The plot centers around the heroine and hero from District 12, Katniss and Peeta, who are taken to the Capitol to compete in the Hunger Games in a high speed bullet train which travels through the utopian Agenda 21 Wildlands consisting of vast expanses of absolutely barren land. The Capitol city is where the elite 1%, with all their wealth and technologically advanced toys, reside. The Hunger Games participants are awestruck at the technological marvels which have been withheld from the masses in the outlying districts in a kind of “rules for thee, but not for me” bifurcated society. The Agenda 21 symbolism is striking and undeniable.
The Hunger Games District 12 representative, Effie Trinket, utters the catch phrase of the movie just before she chooses the unlucky pair to represent their district in the games when she states “May the odds be ever in your favor.” This catch phrase is both descriptive and ironic. The lives of the district inhabitants have been reduced to the whim of the state and also to the laws of chance. In Panem, similar to other autocratic regimes, the spirit of self-determination is very limited by design.
In a particularly telling exchange between Seneca, the Hunger Games administrator and Panem’s President Snow, played magnificently by Donald Sutherland, the symbol of Panem’s governmental despotism, reveals the true purpose behind the games as he asks
Seneca, “Why do you think we have a winner?”
Seneca asks, “What do you mean?”
Snow repeats, “I mean, why do we have a winner?” Snow answers his own question “Hope.”
Expressing bewilderment Seneca says, “Hope?”
Snow declares that “Hope is the only thing stronger than fear. A little hope is effective, a lot of hope is dangerous. Spark is good too as long as it is contained.”
Sutherland’s character personifies the evil Trojan Horse nature of Agenda 21 as it promises self-preservation through the sublimation of one’s own personal goals and desires through the unqualified embracing of the collective, communitarian will of the global masters.
As the Agenda 21 cancer spreads throughout America, it is clear that we are handing to our children a society with very limited hope. In an interview with ABC, Sutherland echoes this sentiment as he states that “Everyone needs to see this film if they have had enough of the oppression…This is the most important script I have ever read…It can be a catalyst for young people. Young people can find themselves in this movie……It is the 99% that needs to see this film because it can be a catalyst for change.”
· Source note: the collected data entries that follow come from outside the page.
(* Let $m\mid n$, $s=n/m$, $\alpha$ a primitive element of $\mathbb{F}_{q^n}$, $l$ an integer with $1\le l<\frac{q^n-1}{q^m-1}$, $L$ the degree of the minimal polynomial of $\alpha^l$ over $\mathbb{F}_{q^m}$, and $\mathcal{F}=(\mathcal{F}_1,\dots,\mathcal{F}_r)$, $r\ge2$, the flag of type $(ms_1,\dots,ms_r)$ with $1\le s_1<\dots<s_r\le L$, $s_r<s$, and $\mathcal{F}_i=\bigoplus_{j=0}^{s_i-1}\mathbb{F}_{q^m}\alpha^{lj}$. Then: (1) $d_f(\mathrm{Orb}(\mathcal{F}))=2m$ if and only if the type of $\mathcal{F}$ is $(ms_1,mL)$ (so $r=2$, $s_2=L$) for some $1\le s_1<L<s$. Moreover, if in this case $s_1=1$, then $\mathcal{F}=(\mathbb{F}_{q^m},\mathbb{F}_{q^{mL}})$ is the Galois flag of type $(m,mL)$. (2) $\mathrm{Orb}(\mathcal{F})$ is an optimum distance flag code if and only if $L=s$ and the type of $\mathcal{F}$ is $(m,m(L-1))$. In this case $\mathrm{Orb}(\mathcal{F})$ is a generalized Galois flag code with the largest possible size $\frac{q^n-1}{q^m-1}$.
   Context: $q$ prime power; subspaces are $\mathbb{F}_q$-subspaces of $\mathbb{F}_{q^n}$; a flag is a chain $\{0\}\subsetneq\mathcal{F}_1\subsetneq\cdots\subsetneq\mathcal{F}_r\subsetneq\mathbb{F}_{q^n}$ with type its vector of dimensions. $d_S(\mathcal{U},\mathcal{V})=\dim(\mathcal{U}+\mathcal{V})-\dim(\mathcal{U}\cap\mathcal{V})$, $d_f(\mathcal{F},\mathcal{F}')=\sum_i d_S(\mathcal{F}_i,\mathcal{F}'_i)$, $\mathrm{Orb}(\mathcal{F})=\{\mathcal{F}\alpha^j:j\ge0\}$ where $\mathcal{F}\alpha^j=(\mathcal{F}_1\alpha^j,\dots,\mathcal{F}_r\alpha^j)$; the minimum distance of a code is the minimum $d_f$ between distinct codewords. A flag code of type $(t_1,\dots,t_r)$ is an optimum distance flag code if its minimum distance equals $2(\sum_{t_i\le\lfloor n/2\rfloor}t_i+\sum_{t_i>\lfloor n/2\rfloor}(n-t_i))$. The Galois flag of type $(t_1,\dots,t_r)$ (with $t_i\mid t_{i+1}$, $t_i\mid n$) is $(\mathbb{F}_{q^{t_1}},\dots,\mathbb{F}_{q^{t_r}})$. A generalized Galois flag is a flag having at least one subspace that is a subfield of $\mathbb{F}_{q^n}$ and at least one that is not; a generalized Galois flag code is its orbit. *)

From HB Require Import structures.
From mathcomp Require Import all_boot all_order all_algebra all_field.
Set Implicit Arguments. Unset Strict Implicit. Unset Printing Implicit Defensive.
Import GRing.Theory.
Local Open Scope ring_scope.

(* Setting: F = F_q (a finite field), L : fieldExtType F plays F_{q^n},
   subspaces are F-subspaces {vspace L}, flags are seq {vspace L}. *)

Section FlagDefs.
Variables (F : finFieldType) (L : fieldExtType F).

Definition dS (U V : {vspace L}) : nat := (\dim (U + V) - \dim (U :&: V))%N.

Definition df (G G' : seq {vspace L}) : nat :=
  \sum_(p <- zip G G') dS p.1 p.2.

Definition flag_type (G : seq {vspace L}) : seq nat := [seq \dim U | U <- G].

Definition vmul (U : {vspace L}) (a : L) : {vspace L} := prodv U <[a]>%VS.
Definition flag_mul (G : seq {vspace L}) (a : L) : seq {vspace L} :=
  [seq vmul U a | U <- G].

Definition in_orb (a : L) (G H : seq {vspace L}) : Prop :=
  exists j : nat, H = flag_mul G (a ^+ j).

Definition min_dist (C : seq {vspace L} -> Prop) (d : nat) : Prop :=
  (exists G H, [/\ C G, C H, G <> H & df G H = d]) /\
  (forall G H, C G -> C H -> G <> H -> (d <= df G H)%N).

Definition code_size (C : seq {vspace L} -> Prop) (N : nat) : Prop :=
  exists s : seq (seq {vspace L}),
    [/\ uniq s, (forall G, G \in s <-> C G) & size s = N].

Definition od_bound (n : nat) (t : seq nat) : nat :=
  2 * \sum_(ti <- t) (if (ti <= n./2)%N then ti else n - ti)%N.

Definition optimum_distance (n : nat) (G : seq {vspace L})
    (C : seq {vspace L} -> Prop) : Prop :=
  min_dist C (od_bound n (flag_type G)).

Definition is_subfield (U : {vspace L}) : Prop :=
  exists E : {subfield L}, U = (E : {vspace L}).

Definition gen_galois_flag (G : seq {vspace L}) : Prop :=
  (exists2 U, U \in G & is_subfield U) /\ (exists2 U, U \in G & ~ is_subfield U).

Definition primitive_elt (a : L) : Prop :=
  let Q := (#|F| ^ \dim {:L})%N in
  a ^+ (Q - 1) = 1 /\ forall k : nat, (0 < k < Q - 1)%N -> a ^+ k != 1.

Definition flag_sub (K : {subfield L}) (a : L) (l si : nat) : {vspace L} :=
  let gens : seq L := [seq a ^+ (l * j)%N | j <- iota 0 si] in
  prodv (K : {vspace L}) (span gens).

Definition the_flag (K : {subfield L}) (a : L) (l : nat) (ss : seq nat)
  : seq {vspace L} := [seq flag_sub K a l si | si <- ss].

End FlagDefs.

From HB Require Import structures.
From mathcomp Require Import all_boot all_order all_algebra all_field.
From mathcomp Require Import zify.
Set Implicit Arguments. Unset Strict Implicit. Unset Printing Implicit Defensive.
Import GRing.Theory.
Sutherland is correct in that parents have been provided a rare, mainstream originated opportunity to educate their children on the innate need human beings have to live in freedom. For example, I asked my son what meaning he took from the movie and he stated that “This movie is about the government squeezing the freedom out of the people,” and “We need to do something about it.”
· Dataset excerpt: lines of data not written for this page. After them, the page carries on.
(* The game operator $F$ is Lipschitz continuous: there is a constant $\gamma$ with $\|F(Z)-F(Z')\|_*\le\gamma\|Z-Z'\|$ for all joint states $Z,Z'$. Specifically, with $d=n+m$: for the Frobenius norm pair ($\|\cdot\|=\|\cdot\|_*=\|\cdot\|_F$) one may take $\gamma=O(2^d)$, and for the pair $\|\cdot\|=\|\cdot\|_1$ (Schatten-1/trace norm), $\|\cdot\|_*=\|\cdot\|_\infty$ (operator norm) one may take $\gamma=O(1)$.
   Context: Alice's strategy set is $\mathcal{A}=\{\alpha\in\mathbb{C}^{2^n\times 2^n}:\alpha\succeq0,\ \operatorname{Tr}\alpha=1\}$ and Bob's is $\mathcal{B}=\{\beta\in\mathbb{C}^{2^m\times 2^m}:\beta\succeq0,\ \operatorname{Tr}\beta=1\}$; joint states are pairs $Z=(\alpha,\beta)$, identified with block-diagonal matrices $\mathrm{diag}(\alpha,\beta)$ for the purpose of norms. Given a POVM $\{P_\omega\}_{\omega\in\Omega}$ on $n+m$ qubits with finite $\Omega$ and a finite-valued utility $u:\Omega\to[-1,1]$, the payoff observable is $U=\sum_\omega u(\omega)P_\omega$, and $F(\alpha,\beta)=(\operatorname{Tr}_{\mathcal B}[U^\dagger(I_{2^n}\otimes\beta)],\ -\operatorname{Tr}_{\mathcal A}[U^\dagger(\alpha\otimes I_{2^m})])$, with $\operatorname{Tr}_{\mathcal A},\operatorname{Tr}_{\mathcal B}$ the partial traces over Alice's and Bob's subsystems. The $O(\cdot)$ bounds are in terms of $d$, uniformly over such games. *)

From HB Require Import structures.
From mathcomp Require Import all_boot all_order all_algebra.
From mathcomp Require Import all_classical all_reals.
From mathcomp Require Export complex mxtens.
Set Implicit Arguments.
Unset Strict Implicit.
Unset Printing Implicit Defensive.
Import Order.TTheory GRing.Theory Num.Theory.
Local Open Scope ring_scope.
Hunger Games stands as the third largest opening in movie history. The fact that the movie has appeared in this form, with this message at this time is indeed lucky. Or is luck simply a matter of where effort, action and courage meets opportunity?
When we effectively teach our children that freedom is the space which lies between our prison bars and that we can collectively control how wide the space is between the bars, then we can truly begin the arduous journey back to the point where we force government to honor the precepts of freedom contained in the Bill of Rights. And only then, will Americans force the odds to be ever in our favor.